# Object-Oriented Programming (V2.1: Mod 3, Section 21)


- online-ds-pt-100719
- 03/04/20

## Announcemens/Questions?


- Please fill out this survey (focuses only on study groups)
    - https://forms.gle/Kw7YJGCKqC4q6XYz9 
    
- Message me on Slack if you scheduled a review and did not receive a confirmation email. (Your appointment is fine, there was a bug with the scheduler).

- Still interested in recording of lab walk through 

## Things to Discuss

- **Dictionaries are your friend!**
    - Constructing Dictionaries `{k:v}` vs `dict(k=v)`
    - Iterating With Dictionaries
    - The `kwargs` and the  `**` operator
    
- **Unpacking/packing with `*` and ` ** `**

- **Inspecting classes:**
    - `help(obj)` vs `dir(obj)`
    
- **Deeper dive into Classes/Objects**
    - special methods/properties (`__repr__(),__str__(),__call__(),__version__(),__name__()`)
    - Methods: vs Bound Methods vs Static Methods 

In [1]:
!pip install fsds_100719
from fsds_100719.imports import *

fsds_1007219  v0.7.16 loaded.  Read the docs: https://fsds.readthedocs.io/en/latest/ 


Handle,Package,Description
dp,IPython.display,Display modules with helpful display and clearing commands.
fs,fsds_100719,Custom data science bootcamp student package
mpl,matplotlib,Matplotlib's base OOP module with formatting artists
plt,matplotlib.pyplot,Matplotlib's matlab-like plotting module
np,numpy,scientific computing with Python
pd,pandas,High performance data structures and tools
sns,seaborn,High-level data visualization library based on matplotlib


[i] Pandas .iplot() method activated.


# What does it mean to be 'Object-Oriented'?
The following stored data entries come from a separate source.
Lemma formula_eval_cls (p : formula L) (eh : nat -> prod_pt) :
  @formula_eval L mean_product (fun n => cls (eh n)) p =
  Lam (fun i => formula_eval (fun n => eh n i) p).
Proof.
have [x0] := prod_inhabited.
elim: p eh => [|t1 t2|P args|p IHp q IHq|r p IHp|y p IHp|y p IHp] eh /=.
- by rewrite meanC.
- rewrite /quot_dist (mean_dist0_eq _ (term_eval_cls eh t1)) mean_distC.
  by rewrite (mean_dist0_eq _ (term_eval_cls eh t2)) mean_distC.
- apply/eqP; rewrite -subr_eq0 -normr_le0.
  apply: le_trans (mean_rinterp_lip _ _) _.
  by rewrite big1 ?mulr0 // => j _; apply: term_eval_cls.
- by rewrite IHp IHq meanD //; apply: bounded_formula_eval.
- by rewrite IHp meanZ //; apply: bounded_formula_eval.
- rewrite image_cls; under eq_imagel do rewrite eval_update_cls //.
  apply: (sup_mean Lam x0 (g := fun i m => formula_eval (update (fun n => eh n i) y m) p)).
  by move=> i m; apply: norm_formula_eval_le.
- rewrite image_cls; under eq_imagel do rewrite eval_update_cls //.
  apply: (inf_mean Lam x0 (g := fun i m => formula_eval (update (fun n => eh n i) y m) p)).
  by move=> i m; apply: norm_formula_eval_le.
Qed.

Lemma los (p : formula L) (e : nat -> mean_product) :
  formula_eval e p = Lam (fun i => formula_eval (fun n => sval (e n) i) p).
Proof. by rewrite -formula_eval_cls; congr formula_eval; apply: funext => n; rewrite cls_val. Qed.

End MeanProduct.

Section Average.
Variable k : nat.
Local Notation K := (k.+1%:R : R).

Definition avg (f : 'I_k.+1 -> R) : R := K^-1 * \sum_(i < k.+1) f i.

Lemma avgD f g : bounded f -> bounded g -> avg (fun i => f i + g i) = avg f + avg g.
Proof. by move=> _ _; rewrite /avg big_split mulrDr. Qed.

Lemma avgZ c f : bounded f -> avg (fun i => c * f i) = c * avg f.
Proof. by move=> _; rewrite /avg -mulr_sumr mulrCA. Qed.

Lemma ler_avg f g : bounded f -> bounded g -> (forall i, f i <= g i) -> avg f <= avg g.
Proof.
by move=> _ _ le_fg; rewrite ler_wpM2l ?invr_ge0 ?ler0n // ler_sum.
Qed.

Lemma avgC c : avg (fun _ => c) = c.
Proof.
rewrite /avg sumr_const card_ord -[c *+ _]mulr_natr mulrC -mulrA mulfV ?mulr1 //.
by rewrite lt0r_neq0 ?ltr0Sn.
Qed.

Definition avg_mean : mean 'I_k.+1 := Mean avgD avgZ ler_avg avgC.

Lemma le_avg f j : (forall i, 0 <= f i) -> f j <= K * avg f.
Proof.
move=> f_ge0; rewrite /avg mulrA mulfV ?lt0r_neq0 ?ltr0Sn // mul1r.
by rewrite (bigD1 j) //= lerDl sumr_ge0.
Qed.

Lemma avg_complete L (M : 'I_k.+1 -> structure L) : mean_complete avg_mean M.
Proof.
move=> u u_cauchy.
have coord_cauchy j : cauchy (@dist L (M j)) (fun n => u n j).
  move=> eps eps_gt0; have [N N_spec] := u_cauchy _ (divr_gt0 eps_gt0 (ltr0Sn _ k)).
  exists N => m n le_m le_n; apply: le_lt_trans (le_avg j (fun i => dist_ge0 _ _)) _.
  by rewrite mulrC -ltr_pdivlMr ?ltr0Sn //; apply: N_spec.
have coord_lim j := dist_complete (coord_cauchy j).
exists (fun j => projT1 (cid (coord_lim j))) => eps eps_gt0.
have eps2_gt0 : 0 < eps / 2 by rewrite divr_gt0.
have /choice[N N_spec] := fun j => projT2 (cid (coord_lim j)) _ eps2_gt0.
exists (\max_(j < k.+1) N j)%N => n le_n.
apply: le_lt_trans (_ : eps / 2 < eps); last by lra.
apply: mean_le_cst (bounded_dist _ _) _ => j.
by apply/ltW/N_spec; apply: leq_trans le_n; apply: leq_bigmax.
Qed.

End Average.

(** * Ultralimits *)

Section Ultralimit.
Context {I : Type} (U : set_system I) {U_ultra : UltraFilter U}.
Implicit Types f g : I -> R.

Definition ulim f : R := sup [set a | U [set i | a <= f i]].

Lemma ulim_near f eps : bounded f -> 0 < eps -> U [set i | `|f i - ulim f| < eps].
Proof.
move=> [C f_le] eps_gt0.
have f_range i : - C <= f i <= C by rewrite -ler_norml.
have S_sup : has_sup [set a | U [set i | a <= f i]].
  split; first by exists (- C); apply: filterS filterT => i _; case/andP: (f_range i).
  exists C => a /filter_ex[i /= le_a]; case/andP: (f_range i) => _; exact: le_trans.
have [a U_a lt_a] := sup_adherent eps_gt0 S_sup.
have U_gt : U [set i | ulim f - eps < f i].
  by apply: filterS U_a => i /=; apply: lt_le_trans.
have U_lt : U [set i | f i < ulim f + eps].
  case: (in_ultra_setVsetC [set i | ulim f + eps <= f i] U_ultra) => [U_ge|].
    by have := sup_upper_bound S_sup U_ge; rewrite -/(ulim f) gerDl leNgt eps_gt0.
  by apply: filterS => i /= /negP; rewrite -ltNge.
apply: filterS (filterI U_gt U_lt) => i [/= gt_i lt_i].
by rewrite ltr_norml; apply/andP; split; lra.
Qed.

Lemma ulim_unique f l : bounded f ->
  (forall eps, 0 < eps -> U [set i | `|f i - l| < eps]) -> ulim f = l.
Proof.
move=> bf near_l; apply/eqP; rewrite -subr_eq0 -normr_le0.
apply/ler_addgt0Pr => eps eps_gt0; rewrite add0r.
have eps2_gt0 : 0 < eps / 2 by rewrite divr_gt0.
have [i [/= near1 near2]] := filter_ex (filterI (ulim_near bf eps2_gt0) (near_l _ eps2_gt0)).
have := ler_distD (f i) (ulim f) l; rewrite [`|ulim f - f i|]distrC; lra.
Qed.

Lemma ulim_le_near f g : bounded f -> bounded g -> U [set i | f i <= g i] -> ulim f <= ulim g.
Proof.
move=> bf bg U_le; rewrite leNgt; apply/negP => lt_gf.
have eps_gt0 : 0 < (ulim f - ulim g) / 2 by rewrite divr_gt0 // subr_gt0.
have [i [[/= near_f near_g] le_i]] :=
  filter_ex (filterI (filterI (ulim_near bf eps_gt0) (ulim_near bg eps_gt0)) U_le).
by move: near_f near_g le_i; rewrite !ltr_norml => /andP[? _] /andP[_ ?] ?; lra.
Qed.

Lemma ulim_lt_near f a : bounded f -> ulim f < a -> U [set i | f i < a].
Proof.
move=> bf lt_a; have /(ulim_near bf) : 0 < a - ulim f by rewrite subr_gt0.
by apply: filterS => i /=; rewrite ltr_norml => /andP[_ ?]; lra.
Qed.

Lemma ulimC c : ulim (fun _ => c) = c.
Proof.
apply: ulim_unique => [|eps eps_gt0]; first exact: bounded_cst.
by apply: filterS filterT => i _ /=; rewrite subrr normr0.
Qed.

Lemma ulimD f g : bounded f -> bounded g -> ulim (fun i => f i + g i) = ulim f + ulim g.
Proof.
move=> bf bg; apply: ulim_unique => [|eps eps_gt0]; first exact: boundedD.
have eps2_gt0 : 0 < eps / 2 by rewrite divr_gt0.
apply: filterS (filterI (ulim_near bf eps2_gt0) (ulim_near bg eps2_gt0)) => i [/= near_f near_g].
by move: near_f near_g; rewrite !ltr_norml => /andP[? ?] /andP[? ?]; apply/andP; split; lra.
Qed.

Lemma ulimZ c f : bounded f -> ulim (fun i => c * f i) = c * ulim f.
Proof.
move=> bf; apply: ulim_unique => [|eps eps_gt0]; first exact: boundedZ.
have c1_gt0 : 0 < `|c| + 1 by rewrite ltr_wpDl.
apply: filterS (ulim_near bf (divr_gt0 eps_gt0 c1_gt0)) => i /= near_f.
rewrite -mulrBr normrM; apply: le_lt_trans (_ : _ <= (`|c| + 1) * `|f i - ulim f|) _.
  by rewrite ler_wpM2r ?lerDl.
by rewrite mulrC -ltr_pdivlMr.
Qed.

Lemma ler_ulim f g : bounded f -> bounded g -> (forall i, f i <= g i) -> ulim f <= ulim g.
Proof.
by move=> bf bg le_fg; apply: ulim_le_near => //; apply: filterS filterT => i _; apply: le_fg.
Qed.

Definition ulim_mean : mean I := Mean ulimD ulimZ ler_ulim ulimC.

End Ultralimit.

Section UltraproductComplete.
Context {I : Type} (U : set_system I) {U_ultra : UltraFilter U}.
Variables (L : language) (M : I -> structure L).
Local Notation dU := (mean_dist (ulim_mean (U := U)) (M := M)).

Lemma ulim_fast_limit (x : nat -> prod_pt M) :
  (forall k, dU (x k) (x k.+1) < 2 ^- k) ->
  exists y, forall m, dU (x m) y <= 2 * 2 ^- m.
Proof.
move=> x_step.
pose A k := [set i | forall j, (j < k)%N -> dist (x j i) (x j.+1 i) < 2 ^- j].
have U_A k : U (A k).
  elim: k => [|k IH]; first by apply: filterS filterT => i _ [].
  apply: filterS (filterI IH (ulim_lt_near (bounded_dist _ _) (x_step k))) => i [/= A_i lt_i] j.
  by rewrite ltnS leq_eqVlt => /predU1P[->|/A_i].
(* [w k] follows [x k] on [A k] and freezes elsewhere, so every coordinate
   of [w] is geometrically Cauchy. *)
pose w := fix w k : prod_pt M :=
  if k is k'.+1 then fun i => if `[< A k i >] then x k i else w k' i else x 0%N.
have w_A k i : A k i -> w k i = x k i by case: k => [|k] // A_i /=; rewrite asboolT.
have w_step i k : dist (w k i) (w k.+1 i) <= 2 ^- k.
  rewrite [w k.+1 i]/=; case: ifPn => [/asboolP A_i|_]; last by rewrite dist_xx ltW ?expN2_gt0.
  by rewrite w_A; [exact/ltW/A_i|move=> j /ltnW; apply: A_i].
pose y i := projT1 (cid (geometric_limit (w_step i))).
exists y => m; rewrite -(ulimC (U := U) (2 * 2 ^- m)).
apply: ulim_le_near; [exact: bounded_dist|exact: bounded_cst|].
apply: filterS (U_A m) => i A_i /=; rewrite -w_A //.
exact: (projT2 (cid (geometric_limit (w_step i)))).
Qed.
(* Let $K\ge2$, $r\in[0,1]^K$ with a unique maximizing index $a^*$, $\pi^*$ the point mass on $a^*$, and $g(\theta)=\pi_\theta^\top r$ with $\pi_\theta=\mathrm{softmax}(\theta)$. Let $\theta_1\in\mathbb{R}^K$ and $\theta_{t+1}=\theta_t+\eta\,\nabla g(\theta_t)/\|\nabla g(\theta_t)\|_2$ with $\eta=1/6$. Then $c:=\inf_{t\ge1}\pi_{\theta_t}(a^* )>0$ (a constant depending on $r$ and $\theta_1$ but not on $t$), and for all $t\ge1$, $$(\pi^*-\pi_{\theta_t})^\top r\le e^{-\frac{c\,(t-1)}{12}}\,(\pi^*-\pi_{\theta_1})^\top r.$$
   Context: $\mathrm{softmax}(\theta)(a)=e^{\theta(a)}/\sum_{a'}e^{\theta(a')}$. *)

From mathcomp Require Import all_boot all_order all_algebra.
From mathcomp Require Import all_classical all_reals all_analysis.
Set Implicit Arguments. Unset Strict Implicit. Unset Printing Implicit Defensive.
Import Order.TTheory GRing.Theory Num.Theory.
Local Open Scope ring_scope.
Local Open Scope classical_set_scope.

Section Defs.
Variables (R : realType) (K : nat).

Definition softmax (theta : 'I_K -> R) (a : 'I_K) : R :=
  expR (theta a) / \sum_(b < K) expR (theta b).

Definition value (r : 'I_K -> R) (theta : 'I_K -> R) : R :=
  \sum_(a < K) softmax theta a * r a.

Definition partial (f : ('I_K -> R) -> R) (theta : 'I_K -> R) (a : 'I_K) : R :=
  derive1 (fun h : R => f (fun b => theta b + (if b == a then h else 0))) 0.

Definition grad (f : ('I_K -> R) -> R) (theta : 'I_K -> R) : 'I_K -> R :=
  fun a => partial f theta a.

Definition norm2 (v : 'I_K -> R) : R := Num.sqrt (\sum_(a < K) v a ^+ 2).

Definition npg_step (r : 'I_K -> R) (eta : R) (theta : 'I_K -> R) : 'I_K -> R :=
  fun a => theta a + eta * (grad (value r) theta a / norm2 (grad (value r) theta)).

Definition point_mass (astar : 'I_K) : 'I_K -> R :=
  fun a => if a == astar then 1 else 0.

Definition gap (r : 'I_K -> R) (astar : 'I_K) (theta : 'I_K -> R) : R :=
  \sum_(a < K) (point_mass astar a - softmax theta a) * r a.

End Defs.

From mathcomp Require Import all_boot all_order all_algebra.
From mathcomp Require Import all_classical all_reals all_analysis.
From mathcomp Require Import ring lra.
Set Implicit Arguments. Unset Strict Implicit. Unset Printing Implicit Defensive.
Import Order.TTheory GRing.Theory Num.Theory.
Local Open Scope ring_scope.
Local Open Scope classical_set_scope.

(* The gradient of g is (pi_a (r_a - g))_a.  Since (e^x - 1) x >= (5/6) x^2
   for |x| <= 1/6, a normalized step of length 1/6 raises g by at least
   |grad g| / 12, and |grad g| >= pi(astar) * gap; so every step multiplies
   the gap by at most 1 - pi(astar)/12 <= exp (-c/12).  It remains to see
   c > 0.  The values g(theta_t) increase; if their supremum L were below
   r(astar), then once g(theta_t) is close to L every arm with r_a < L has a
   negative gradient coordinate of size proportional to pi_a, so the odds
   sum_{r_a < L} pi_a / pi(astar) decay geometrically -- yet they stay above
   r(astar) - L.  Hence the gap tends to 0, pi_t(astar) eventually exceeds
   1/2, and c is at least the minimum of 1/2 and finitely many positive
   numbers. *)

Section Softmax.
Variables (R : realType) (K : nat).
Hypothesis K_gt0 : (0 < K)%N.
Implicit Types (th x : 'I_K -> R).

Lemma sum_ord_gt0 (f : 'I_K -> R) : (forall b, 0 < f b) -> 0 < \sum_(b < K) f b.
Proof.
move=> f_gt0; rewrite (bigD1 (Ordinal K_gt0)) //= ltr_pwDl //.
by rewrite sumr_ge0 // => b _; rewrite ltW.
Qed.

Lemma sum_expR_gt0 th : 0 < \sum_(b < K) expR (th b).
Proof. by apply: sum_ord_gt0 => b; rewrite expR_gt0. Qed.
> ### _"Everything is an object._"
- some Python sensei


In [22]:
prove_it = max
prove_it([0,11,13])

13

In [23]:
prove_it

<function max>

# Dictionaries & Dictionary Methods

- Iterating throught a dict:
    - `dict.items()`
    - `dict.keys()`
    - `dict.values()`
    - `**dict` vs `*dict`

- Retrieving Value:
    - `dict.get(k)` vs `dict[k]`

- Removing / Extracting Entries
    - `dict.pop(k)` vs `del dict[k]`
    - `dict.clear()`
    
- Merging Dictionaries:
    - `d1.update(d2)`
        - for every (k,v) in d2"
            - if k is NOT in d1, insert (k,v) into d1
            - if k IS in d1, updates value of k in d1
    - Use `**` operator:
        - `combined_d = {**d1,**d2}`
    
- Updating Dictionaries
    - `d1.update(key1=new_value1,new_key2=new_value2)`

- Setting Dictionary Values
    - `dict[k] = 5`
    - `dict.setdefault(k,5)`


# OOP VOCABULARY


- "Object" is an instance of a template class that currently exists in memory
- "Calling" a function: 
    - When we use `( )` with a function we are calling it.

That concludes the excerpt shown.